You may notice the absence of a spire on this church's bell tower. Two years after completion, a new and more aesthetically pleasing spire was erected on the steeple. Eighteen years later, on October 30, 1866, a strong nor'easter blew the new spire from the steeple and it was never replaced.

NB - The national Register has exchanged the nomination form numbers for this and the First Parish Church in Portland. Each at the National Register page actually refers to the other.

First Parish Church
The present building was dedicated on March 18, 1846. The builders were Messrs Coolidge Graves and Isaiah Coombs. The chairman of the building committee was Professor William Smyth. The total cost of the building was $13,101. Historically and architecturally, the First Parish Church of Brunswick ranks as the most important Gothic-Revival structure in the state if not in New England. The church was designed in 1845 by the English-born Richard UpJohn, whose Gothic Revival Gardiner Mansion of 1839 in Gardiner, Maine, had signalled the start of this country's second great eclectic style following the Greek Revival of the 1820s.

Upjohn, the first president of the American Institute of Architects, left Northeast an enormous architectural legacy of many hundreds of buildings, the best known survivor today being Trinity Church of lower Manhattan, built in 1845. Locally, the additional Upjohn churches of St. Paul's Episcopal Church in Brunswick, the Central Congregational Church in Bath, and the Bowdoin College Chapel - all designed 1845-/46 - provide a nationally significant group of Upjohn architecture that continually enriches the Bath-Brunswick area.

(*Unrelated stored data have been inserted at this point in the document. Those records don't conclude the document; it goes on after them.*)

(* Let $V\in\mathcal{UM}$, $m=\deg(V,0)$, $\xi>0$, $s_0=V_*(\xi)$, and let $\bar\xi>0$ be the unique number with $\bar V(\bar\xi)=V(\xi)$. Let $\gamma\in\mathbb R$ be such that $\bar V\neq V\circ\gamma$ (i.e. $V(-x)\ne V(\gamma x)$ for some $x$), and let $N\ge1$ be the integer with $W^{(k)}(s_0)=\gamma\bar W^{(k)}(s_0)$ for $1\le k<N$ and $W^{(N)}(s_0)\ne\gamma\bar W^{(N)}(s_0)$ (it exists). Then $$\lim_{\theta\searrow V(\xi)}D^{(N)}(a_\xi-\gamma\bar a_{\bar\xi})(\theta)=\pm\infty,$$ more precisely $+\infty$ if $\gamma\bar W^{(N)}(s_0)>W^{(N)}(s_0)$ and $-\infty$ if $\gamma\bar W^{(N)}(s_0)<W^{(N)}(s_0)$.
   Context: $\mathcal{UM}$: real-analytic $V:\mathbb R\to\mathbb R_{\ge0}$ with $V(0)=0$, $yV'(y)>0$ for $y\neq0$, $V(y)\to\infty$ as $y\to\pm\infty$; $m=\deg(V,0)$ is the least $m$ with $V^{(m)}(0)\ne0$. $V_*:\mathbb R\to\mathbb R$ is the bi-analytic map with $V_*'>0$ and $V_*^m=V$; $W=V_*^{-1}$; $\bar V(y)=V(-y)$, $\bar W(x)=-W(-x)$ (the inverse of $\bar V_*(y)=-V_*(-y)$). For $\xi>0$ and $\theta\ge V(\xi)$: $a_\xi(\theta)=\int_0^\xi\frac{dy}{\sqrt2\sqrt{\theta-V(y)}}$, and $\bar a_{\bar\xi}(\theta)=\int_0^{\bar\xi}\frac{dy}{\sqrt2\sqrt{\theta-\bar V(y)}}$; these are analytic on $(V(\xi),\infty)$. For $\alpha\ge0$, $D_\alpha f(\theta)=m\frac{d}{d\theta}(\theta^\alpha f(\theta))$, and $D^{(n)}=D_{1-1/m}\circ\cdots\circ D_{1-1/m}\circ D_{1/2-1/m}$ ($n-1$ factors $D_{1-1/m}$) for $n\ge1$. *)

From Stdlib Require Import Reals.
From Coquelicot Require Import Coquelicot.
Open Scope R_scope.

Definition real_analytic (f : R -> R) : Prop :=
  forall x0 : R, exists r : R, 0 < r /\ exists a : nat -> R,
    forall x, Rabs (x - x0) < r -> is_pseries a (x - x0) (f x).

Definition UM (V : R -> R) : Prop :=
  real_analytic V /\
  (forall y, 0 <= V y) /\
  V 0 = 0 /\
  (forall y, y <> 0 -> y * Derive V y > 0) /\
  is_lim V p_infty p_infty /\
  is_lim V m_infty p_infty.

Definition is_deg0 (V : R -> R) (m : nat) : Prop :=
  Derive_n V m 0 <> 0 /\ forall k, (k < m)%nat -> Derive_n V k 0 = 0.

Definition is_Vstar (V : R -> R) (m : nat) (Vs W : R -> R) : Prop :=
  real_analytic Vs /\ real_analytic W /\
  (forall y, W (Vs y) = y) /\ (forall x, Vs (W x) = x) /\
  (forall y, Derive Vs y > 0) /\
  (forall y, Vs y ^ m = V y).

Definition Vbar (V : R -> R) : R -> R := fun y => V (- y).
Definition Wbar (W : R -> R) : R -> R := fun x => - W (- x).

Definition a_fun (V : R -> R) (xi : R) : R -> R :=
  fun theta => RInt (fun y => / (sqrt 2 * sqrt (theta - V y))) 0 xi.

Definition D_op (m : nat) (alpha : R) (f : R -> R) : R -> R :=
  fun theta => INR m * Derive (fun t => Rpower t alpha * f t) theta.

Fixpoint Dn (m : nat) (n : nat) (f : R -> R) : R -> R :=
  match n with
  | O => f
  | S O => D_op m (1/2 - 1 / INR m) f
  | S k => D_op m (1 - 1 / INR m) (Dn m k f)
  end.

From Stdlib Require Import Reals Lra Lia Psatz.
From Stdlib Require Import Classical ClassicalEpsilon FunctionalExtensionality Wf_nat.
From Coquelicot Require Import Coquelicot.
Open Scope R_scope.

(* Substituting [y = W s] (resp. [y = Wbar s]) turns [a_xi - gamma abar_xibar] into
   [/ sqrt 2 * int_0^s0 phi s / sqrt (theta - s^m) ds] with [phi = W' - gamma Wbar'].
   Differentiating under the integral and integrating by parts shows that each factor of
   [D^(N)] maps such an integral with weight [phi_k] to a power of [theta] times the integral
   with weight [phi_(k+1) = s phi_k' - k phi_k], minus the boundary term
   [s0 phi_k(s0) / sqrt (theta - s0^m)].  The boundary terms vanish while [phi] vanishes at
   [s0], so after [N] steps only the one carrying [phi^(N-1)(s0) = W^(N)(s0) - gamma
   Wbar^(N)(s0)] survives; it blows up like [(theta - s0^m)^(-1/2)] while the integral stays
   bounded.  Such an [N] exists by the identity theorem: otherwise [W = gamma Wbar] on all of
   [R], which forces [Vbar = V o gamma]. *)

(** * Smooth functions *)

Definition smooth (f : R -> R) : Prop := forall k x, ex_derive (Derive_n f k) x.

Lemma smooth_ex_derive_n f k x : smooth f -> ex_derive_n f k x.
Proof. intros Hf; destruct k; [easy | apply Hf]. Qed.

Lemma smooth_ex_derive f x : smooth f -> ex_derive f x.
Proof. intros Hf; exact (Hf 0%nat x). Qed.

Lemma smooth_continuous f k x : smooth f -> continuous (Derive_n f k) x.
Proof. intros Hf; apply (ex_derive_continuous (V := R_NormedModule)), Hf. Qed.

Lemma Derive_n_Derive f k x : Derive_n (Derive f) k x = Derive_n f (S k) x.
Proof. rewrite <- Nat.add_1_r; apply (Derive_n_comp f k 1). Qed.

Lemma smooth_Derive f : smooth f -> smooth (Derive f).
Proof.
  intros Hf k x; apply ex_derive_ext with (Derive_n f (S k)); [| apply Hf].
  intros y; symmetry; apply Derive_n_Derive.
Qed.

Lemma smooth_ext f g : (forall x, f x = g x) -> smooth f -> smooth g.
Proof. intros E; replace g with f; [easy | now apply functional_extensionality]. Qed.

Lemma Derive_n_minus_smooth f g k x : smooth f -> smooth g ->
  Derive_n (fun y => f y - g y) k x = Derive_n f k x - Derive_n g k x.
Proof.
  intros Hf Hg; apply Derive_n_minus; apply filter_forall; intros;
    now apply smooth_ex_derive_n.
Qed.

Lemma smooth_minus f g : smooth f -> smooth g -> smooth (fun y => f y - g y).
Proof.
  intros Hf Hg k x.
  replace (Derive_n _ k) with (fun y => Derive_n f k y - Derive_n g k y).
  - auto_derive; auto.
  - apply functional_extensionality; intros y; now rewrite Derive_n_minus_smooth.
Qed.

Lemma smooth_scal f a : smooth f -> smooth (fun y => a * f y).
Proof.
  intros Hf k x.
  replace (Derive_n _ k) with (fun y => a * Derive_n f k y).
  - auto_derive; auto.
  - apply functional_extensionality; intros y; now rewrite Derive_n_scal_l.
Qed.

Lemma smooth_comp_opp f : smooth f -> smooth (fun y => f (- y)).
Proof.
  intros Hf k x.
  replace (Derive_n _ k) with (fun y => (-1) ^ k * Derive_n f k (- y)).
  - auto_derive; auto.
  - apply functional_extensionality; intros y; rewrite Derive_n_comp_opp; [easy |].
    apply filter_forall; intros; now apply smooth_ex_derive_n.
Qed.

Lemma Derive_n_mult_id f k x : smooth f ->
  Derive_n (fun y => y * f y) (S k) x = x * Derive_n f (S k) x + INR (S k) * Derive_n f k x.
Proof.
  intros Hf; revert x; induction k as [|k IH]; intros x.
  - change (Derive (fun y => y * f y) x = x * Derive f x + INR 1 * f x).
    rewrite Derive_mult, Derive_id; [simpl; ring | apply ex_derive_id | now apply smooth_ex_derive].
  - change (Derive (Derive_n (fun y => y * f y) (S k)) x
      = x * Derive (Derive_n f (S k)) x + INR (S (S k)) * Derive (Derive_n f k) x).
    rewrite (Derive_ext _ (fun y => y * Derive_n f (S k) y + INR (S k) * Derive_n f k y) x IH).
    rewrite Derive_plus, Derive_mult, Derive_scal, Derive_id.
    + change (Derive (Derive_n f k) x) with (Derive_n f (S k) x); rewrite !S_INR; ring.
    + apply ex_derive_id.
    + apply Hf.
    + apply ex_derive_mult; [apply ex_derive_id | apply Hf].
    + apply ex_derive_scal, Hf.
Qed.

There has always existed a close and friendly relation between the First Parish and Bowdoin College. The College gave finalcial assistance in the erection of both buildings on this site, and has certain rights in the use of the building. Until 1966 the Baccalaureate Services and the Commencement Exercises had been held either in this building or in the former one ever since the College was founded, and every Bowdoin graduate had received his degree in one or the other building except during World War II, when a few small commencements were held in the Bowdoin Chapel.

From the pulpit of this church on July 8, 1875, Henry Wadsworth Longfellow read "Montun Salutamus", the poem written for the fiftieth anniversary of his graduation from Bowdoin. Other noted personages who have spoken from the pulpit include President William Howard Taft, John Masefield, Poet Laureate of England, Mrs. Franklin Delano Roosevelt, and Martin Luther King.

Harriett Beecher Stowe's biographer, Adams, stated that she received a vision of the death scene of Uncle Tom while sitting in pew 23 during the communion of March 2, 1851.

In 1960 the First Parish Church voted to join the United Church of Christ. In 1968 extensive renovations were started on the church. The renovation projects were nearing the final states of completion at the time of this writing.